● Provided records:

■ ■ ■ ■

Lemma confident_sorted_traj alpha R0 coin click hor :
  eventE delta alpha R0 coin click hor ->
  forall m, (m <= hor)%N -> confident_sorted (traj delta R0 coin click m).
Proof.
move=> hE; elim=> [|m IH] hm.
  by move=> i j _; rewrite /unconf /thr mul0r sqrtr0 mulr0 lexx.
apply: confident_sorted_step; first by apply: IH; lia.
have [|_ hE2] := hE m.+1; first lia.
by move=> a b hab; apply: hE2.
Qed.

End Invariant.

Lemma perm_item_le_at_pos_ge n (L : {perm 'I_n}) (q : 'I_n) :
  exists2 i : 'I_n, (i <= q)%N & (q <= L^-1%g i)%N.
Proof.
have [/exists_inP[i hiq hqi]|/exists_inPn hlow] :=
  boolP [exists (i : 'I_n | (i <= q)%N), (q <= L^-1%g i)%N]; first by exists i.
have hf (x : 'I_q.+1) : (L^-1%g (widen_ord (ltn_ord q) x) < q)%N.
  by rewrite ltnNge hlow // unfold_in /= -ltnS ltn_ord.
pose f x := Ordinal (hf x).
have f_inj : injective f.
  by move=> x y /(congr1 val) /= /val_inj /perm_inj /(congr1 val) /= /val_inj.
by have := leq_card f f_inj; rewrite !card_ord ltnn.
Qed.

Section Regret.
Variables (R : realType) (k : nat) (delta : R).
Local Notation K := k.+1.
Variable alpha : 'I_K -> R.
Hypothesis alpha_decr : forall i j : 'I_K, (i < j)%N -> alpha j < alpha i.
Variable st : state K.
Hypothesis st_sorted : confident_sorted delta st.
Local Notation Rb := (Rbar st).

(* (i, j) \in P_(t+1) for st = traj t; unfolds to [inP] *)
Definition unsure_adjacent (i j : 'I_K) : bool :=
  let pi := val (Rb^-1%g i) in
  let pj := val (Rb^-1%g j) in
  [&& (i < j)%N, (pi.+1 == pj) || (pj.+1 == pi) &
      unconf delta (sst st i j) (nst st i j)].

Definition gap i j := (unsure_adjacent i j)%:R * (alpha i - alpha j).

Definition gap_sum := \sum_(i < K) \sum_(j < K | (i < j)%N) gap i j.

Lemma gap_ge0 i j : 0 <= gap i j.
Proof.
rewrite /gap; have [/and3P[hij _ _]|_] := boolP (unsure_adjacent i j).
  by rewrite mul1r subr_ge0 ltW ?alpha_decr.
by rewrite mul0r.
Qed.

■ ■ ■ ■

● Aim of the exercise: Look above for the line holding "by have := leq_card" and the line holding "let pi := val (Rb^-1%g i) in", then output exactly those two lines and every line between them, nothing more.

● Final answer:
by have := leq_card f f_inj; rewrite !card_ord ltnn.
Qed.

Section Regret.
Variables (R : realType) (k : nat) (delta : R).
Local Notation K := k.+1.
Variable alpha : 'I_K -> R.
Hypothesis alpha_decr : forall i j : 'I_K, (i < j)%N -> alpha j < alpha i.
Variable st : state K.
Hypothesis st_sorted : confident_sorted delta st.
Local Notation Rb := (Rbar st).

(* (i, j) \in P_(t+1) for st = traj t; unfolds to [inP] *)
Definition unsure_adjacent (i j : 'I_K) : bool :=
  let pi := val (Rb^-1%g i) in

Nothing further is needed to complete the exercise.